Art by Ryan Bose-Roy.
Recently submitted for FDA Emergency Use Authorization, SalivaDirect is a promising diagnostic test for SARS-Cov-2 that allows for non-invasive sampling and inexpensive processing.
Data published on the preprint server medRxiv by researchers at Yale School of Public Health, Connecticut Agricultural Experimental Station, and Yale University School of Medicine indicate that SalivaDirect has comparable sensitivity to current assays, meaning that it is similarly able to detect infected individuals, without requiring tubes containing preservatives, specialized reagents for nucleic acid extraction, or vendor-specific products.

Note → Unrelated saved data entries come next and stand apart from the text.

(* For every integer $k\ge 0$, as $n\to\infty$, \[ \langle S_{2,n}^{-k}\rangle\sim\left(\frac{n}{4}\right)^{-k}. \]
   Context: For $n\ge 1$, let $\Omega_n$ be the set of rooted plane (ordered) full binary trees with $n$ leaves (every internal node has exactly two children, left and right distinguished). The random model is $\Omega_n$ with the uniform probability measure $P_n$; $\langle\cdot\rangle$ denotes expectation with respect to $P_n$. Horton–Strahler ordering: every leaf has order 1; an internal node whose two children have different orders $r_1\neq r_2$ has order $\max\{r_1,r_2\}$; an internal node whose two children both have order $r$ has order $r+1$. A branch of order $r$ is a maximal connected path consisting of nodes all of order $r$. $S_{2,n}(\tau)$ is the number of branches of order $2$ in $\tau\in\Omega_n$; for $n\ge 2$ one has $S_{2,n}\ge 1$. For sequences, $a_n\sim b_n$ means $\lim_{n\to\infty}a_n/b_n=1$. *)

From HB Require Import structures.
From mathcomp Require Import all_boot all_order all_algebra.
From mathcomp Require Import all_classical all_reals all_analysis.
Set Implicit Arguments. Unset Strict Implicit. Unset Printing Implicit Defensive.
Import Order.TTheory GRing.Theory Num.Theory.

Inductive btree : Type := Leaf : btree | Node : btree -> btree -> btree.

Fixpoint leaves (t : btree) : nat :=
  match t with Leaf => 1 | Node l r => leaves l + leaves r end.

Fixpoint hs (t : btree) : nat :=
  match t with
  | Leaf => 1
  | Node l r => let a := hs l in let b := hs r in
                if a == b then a.+1 else maxn a b
  end.

(* Nodes of order r form vertical paths (a node has at most one child of its
   own order).  Each maximal such path (a branch of order r) is identified by
   its top node: a node of order r whose parent is not of order r (or which is
   the root).  [branches_aux r p t] counts these top nodes in the subtree t,
   where p is the order of the parent of t (p = 0 for the root). *)
Fixpoint branches_aux (r p : nat) (t : btree) : nat :=
  ((hs t == r) && (p != r)) +
  match t with
  | Leaf => 0
  | Node l rt => branches_aux r (hs t) l + branches_aux r (hs t) rt
  end.

Definition branches (r : nat) (t : btree) : nat := branches_aux r 0 t.

Definition S2 (t : btree) : nat := branches 2 t.

(* Enumeration of all trees with exactly n leaves (each exactly once);
   m is fuel (depth m >= n suffices). *)
Fixpoint trees_aux (m n : nat) : seq btree :=
  match m with
  | 0 => [::]
  | m'.+1 =>
      if n == 1 then [:: Leaf]
      else flatten [seq [seq Node l r | l <- trees_aux m' i, r <- trees_aux m' (n - i)]
                   | i <- iota 1 n.-1]
  end.

Definition Omega (n : nat) : seq btree := trees_aux n n.

Local Open Scope ring_scope.

Definition expect_n (R : realType) (n : nat) (X : btree -> R) : R :=
  (\sum_(t <- Omega n) X t) / (size (Omega n))%:R.

(* S_2 counts the cherries of a tree (internal nodes with two leaf children).
   Grafting a new leaf next to any node of a tree with n leaves produces every
   tree with n + 1 leaves exactly n + 1 times, which gives an exact recursion for
   E_{n+1}[h(S_2)] in terms of E_n.  It yields the mean n(n-1)/(2(2n-3)) <= (n+2)/4
   and, for 0 <= x <= 1, a geometric decay of E_n[x^S_2] at any rate above
   (3 + x)/4.  The lower bound is Jensen's inequality (the tangent of s^-k at the
   mean).  For the upper bound we split at S_2 = (1 - 1/(D+1)) n/4: above the
   threshold S_2^-k <= (1 + 1/D)^k (n/4)^-k, and below it Markov's inequality for
   x^S_2 makes the contribution exponentially small. *)

From HB Require Import structures.
From mathcomp Require Import all_boot all_order all_algebra.
From mathcomp Require Import all_classical all_reals all_analysis.
From mathcomp Require Import zify ring lra.
Import Order.TTheory GRing.Theory Num.Theory.
Import numFieldNormedType.Exports.
Set Implicit Arguments. Unset Strict Implicit. Unset Printing Implicit Defensive.

Fixpoint btree_eqb (t u : btree) : bool :=
  match t, u with
  | Leaf, Leaf => true
  | Node a b, Node c d => btree_eqb a c && btree_eqb b d
  | _, _ => false
  end.

Lemma btree_eqbP : Equality.axiom btree_eqb.
Proof.
elim=> [|a IHa b IHb] [|c d] /=; try by constructor.
by apply: (iffP andP) => [[/IHa -> /IHb ->]|[<- <-]]; split; [apply/IHa|apply/IHb].
Qed.

HB.instance Definition _ := hasDecEq.Build btree btree_eqbP.

Definition is_leaf (t : btree) : bool := if t is Leaf then true else false.

Fixpoint cherries (t : btree) : nat :=
  match t with
  | Leaf => 0
  | Node l r => cherries l + cherries r + (is_leaf l && is_leaf r)
  end.

Lemma hs_gt0 t : 0 < hs t.
Proof.
by elim: t => //= l IHl r IHr; case: ifP => _ //; rewrite leq_max IHl.
Qed.

Lemma hs_eq1 t : (hs t == 1) = is_leaf t.
Proof.
case: t => //= l r; have := hs_gt0 l; have := hs_gt0 r.
case: ifP => [/eqP|/negbT]; first by lia.
by move=> ? ? ?; apply/negbTE; rewrite /maxn; case: ltnP; lia.
Qed.

(* Every branch of order 2 ends at exactly one cherry. *)
Lemma branches_aux2_cherries p t :
  branches_aux 2 p t + (hs t == 2) = cherries t + ((hs t == 2) && (p != 2)).
Proof.
elim: t p => [|l IHl r IHr] p //=.
have orders a b : 0 < a -> 0 < b ->
    let h := if a == b then a.+1 else maxn a b in
    ((a == 2) && (h != 2)) + ((b == 2) && (h != 2)) + (h == 2)
    = (a == 2) + (b == 2) + ((a == 1) && (b == 1)).
  case: a => [|[|[|a]]] // _; case: b => [|[|[|b]]] //= _.
  by rewrite ?eqSS /maxn; repeat case: ifP.
have := orders _ _ (hs_gt0 l) (hs_gt0 r); rewrite !hs_eq1 /=.
set h := (if hs l == hs r then _ else _).
by have := IHl h; have := IHr h; lia.
Qed.

Lemma S2_cherries t : S2 t = cherries t.
Proof. by have := branches_aux2_cherries 0 t; rewrite /S2 /branches; lia. Qed.

Lemma cherries_gt0 t : t != Leaf -> 0 < cherries t.
Proof.
elim: t => [|l IHl r IHr] //= _.
case: l IHl => [|l1 l2] IHl; case: r IHr => [|r1 r2] IHr //.
- by have := IHr isT; lia.
- by have := IHl isT; lia.
- by have := IHl isT; lia.
Qed.

Lemma trees_aux_fuel m n : n <= m -> trees_aux m n = Omega n.
Proof.
have unfold i q : trees_aux i.+1 q = if q == 1 then [:: Leaf] else
    flatten [seq [seq Node l r | l <- trees_aux i h, r <- trees_aux i (q - h)]
            | h <- iota 1 q.-1] by [].
have fuelS j p : p <= j -> trees_aux j.+1 p = trees_aux j p.
  elim: j p => [|j IH] p hp; first by case: p hp.
  rewrite unfold [RHS]unfold; case: ifP => // _; congr flatten.
  by apply/eq_in_map => i; rewrite mem_iota => /andP[i_gt0 i_lt]; rewrite !IH //; lia.
elim: m => [|m IH] n_le; first by case: n n_le.
have [n_lt|n_ge] := ltnP n m.+1; first by rewrite fuelS // IH.
by have -> : n = m.+1 by lia.
Qed.

Lemma Omega1 : Omega 1 = [:: Leaf]. Proof. by []. Qed.

Lemma Omega_node n : 1 < n -> Omega n =
  flatten [seq [seq Node l r | l <- Omega i, r <- Omega (n - i)] | i <- iota 1 n.-1].
Proof.
case: n => [|n] // hn; rewrite /Omega /= ifN; last by lia.
congr flatten; apply/eq_in_map => i; rewrite mem_iota => /andP[h1 h2].
by rewrite !trees_aux_fuel //; lia.
Qed.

The SalivaDirect method involves a combination of saliva with proteinase K, heat inactivation, and dualplex RT-qPCR. Proteinase K and heat allows for the isolation of nucleic acid via destruction of protein in the sample instead of a more costly extraction. Dualplex RT-qPCR, a method used to quantify viral expression from nucleic acid present, reduces the number of protocol reactions to one per sample. Detection of SARS-Cov-2 was stable in saliva without preservatives for at least 7 days at each of three thermal conditions: 4°C, 19°C, and 30°C. Efficiency and flexibility of the method allows for a reduction in cost per sample to $1.29 if sampled without a collection aid and to $4.37 if sampled with one.

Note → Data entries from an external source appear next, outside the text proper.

(* At a terminal history of G* the reports pin the values down: a bidder who
   left at price k has value k and a bidder still in at the last price p has
   value above p.  In each of the three ways the auction can end (one stayer,
   no stayer, several stayers at m-1) this makes the outcome that of the
   second-price rule.

   A truthful bidder never pays more than her value, so her payoff is
   nonnegative.  A deviation first departs from truthful play either by
   staying at a price p >= v_i, after which any win costs at least p, or by
   leaving at a price p < v_i.  In the latter case she can only win if nobody
   stays at p; as bidders moving after her cannot tell "no earlier mover
   stayed" from "exactly one did", truthful play would then have made her the
   sole winner at price p. *)

Lemma count_enum (T : finType) (P : pred T) : count P (enum T) = #|[set j | P j]|.
Proof.
rewrite cardE /enum_mem size_filter count_filter.
by apply: eq_count => x; rewrite /= !inE andbT.
Qed.

Lemma nth1_sorted_geq (s : seq nat) x : sorted geq s ->
  1 < count (leq x) s -> count (ltn x) s <= 1 -> nth 0 s 1 = x.
Proof.
case: s => [|a [|b t]] //=; first by case: (x <= a).
move=> /andP [ba sorted_bt] ge2 gt1.
have geq_trans : transitive geq by move=> y z w zy wz; exact: leq_trans wz zy.
have /allP tb := order_path_min geq_trans sorted_bt.
case: (ltngtP b x) => // [bx | xb].
- have none_t : count (leq x) t = 0.
    apply/eqP; rewrite -leqn0 leqNgt -has_count; apply/hasPn => y /tb /= yb.
    by rewrite -ltnNge (leq_ltn_trans yb bx).
  by move: ge2; rewrite none_t (leqNgt x b) bx addn0; case: (x <= a).
- by move: gt1; rewrite xb (leq_trans xb ba) !add1n ltnS.
Qed.

Lemma second_highestE n (v : 'I_n -> nat) x :
  1 < #|[set j | x <= v j]| -> #|[set j | x < v j]| <= 1 -> second_highest v = x.
Proof.
have count_sort P : count P (sort geq [seq v i | i <- enum 'I_n]) = #|[set j | P (v j)]|.
  by rewrite (permP (permEl (perm_sort _ _))) count_map count_enum.
move=> ge2 gt1; apply: nth1_sorted_geq; rewrite ?count_sort //.
by apply: sort_sorted => a b; exact: leq_total.
Qed.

This new testing modality’s growing success has drawn a spotlight onto SalivaDirect. The research team, led by Yale’s Anne Wyllie and Nathan Grubaugh, is partnering with the National Basketball Association to study the validity of SalivaDirect when compared to nasopharyngeal swabs. The goal is to better understand how results differ among these tests for asymptomatic and pre-symptomatic cases in addition to symptomatic cases. They are hopeful that this new method can increase accessibility and scalability of testing.